* [What you will do] Write out, word for word, the line that contains "by apply: contra xS; apply/subsetP." and each line after it down to the last line of the data below. Include nothing more.

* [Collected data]
Lemma early_part_alg3 : uniq s -> early_part R s (alg3 f k s) = SL.
Proof.
move=> s_uniq.
have SL_s x : x \in SL -> x \in s by move/mem_alg3_run; rewrite inE => /mem_take.
have take_drop x : x \in take m s -> x \in drop m s = false.
  move: s_uniq; rewrite -{1}(cat_take_drop m s) cat_uniq => /and3P[_ /hasPn disj _] x1.
  by apply/negbTE/negP => /disj; rewrite x1.
apply/setP=> x; rewrite alg3_split; apply/idP/idP => [xL | xSL].
  have xs : x \in s.
    by move: xL; rewrite inE => /andP[/mem_alg3_run/orP[/SL_s|/mem_drop]].
  move: xL; rewrite mem_early_part // => /andP[/mem_alg3_run/orP[// | x2] x1].
  by rewrite take_drop in x2.
rewrite -alg3_split mem_early_part ?SL_s // (subsetP early_run_sub_alg3) //=.
by have /orP[] := mem_alg3_run xSL; rewrite ?inE.
Qed.

Lemma marg_alg3_lt_threshold x :
  (#|alg3 f k s| < k)%N -> x \in s -> x \notin alg3 f k s ->
  marg f x (alg3 f k s) < if x \in take m s then tau1 else tau2.
Proof.
move=> not_full xs xS; case: ifP => x1.
  have SL_sub := early_run_sub_alg3.
  apply: le_lt_trans (marg_le_subset f_mono f_submod x SL_sub) _.
  apply: alg3_run_reject threshold_segment_early x1 _ _ => //.
    by apply: contra xS; apply/subsetP.
  exact: leq_ltn_trans (subset_leq_card SL_sub) not_full.
rewrite alg3_split in not_full xS *.
have x2 : x \in drop m s by move: xs; rewrite -[s in x \in s](cat_take_drop m s) mem_cat x1.
exact: alg3_run_reject threshold_segment_late x2 xS not_full.
Qed.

* [Solution]
    by apply: contra xS; apply/subsetP.
  exact: leq_ltn_trans (subset_leq_card SL_sub) not_full.
rewrite alg3_split in not_full xS *.
have x2 : x \in drop m s by move: xs; rewrite -[s in x \in s](cat_take_drop m s) mem_cat x1.
exact: alg3_run_reject threshold_segment_late x2 xS not_full.
Qed.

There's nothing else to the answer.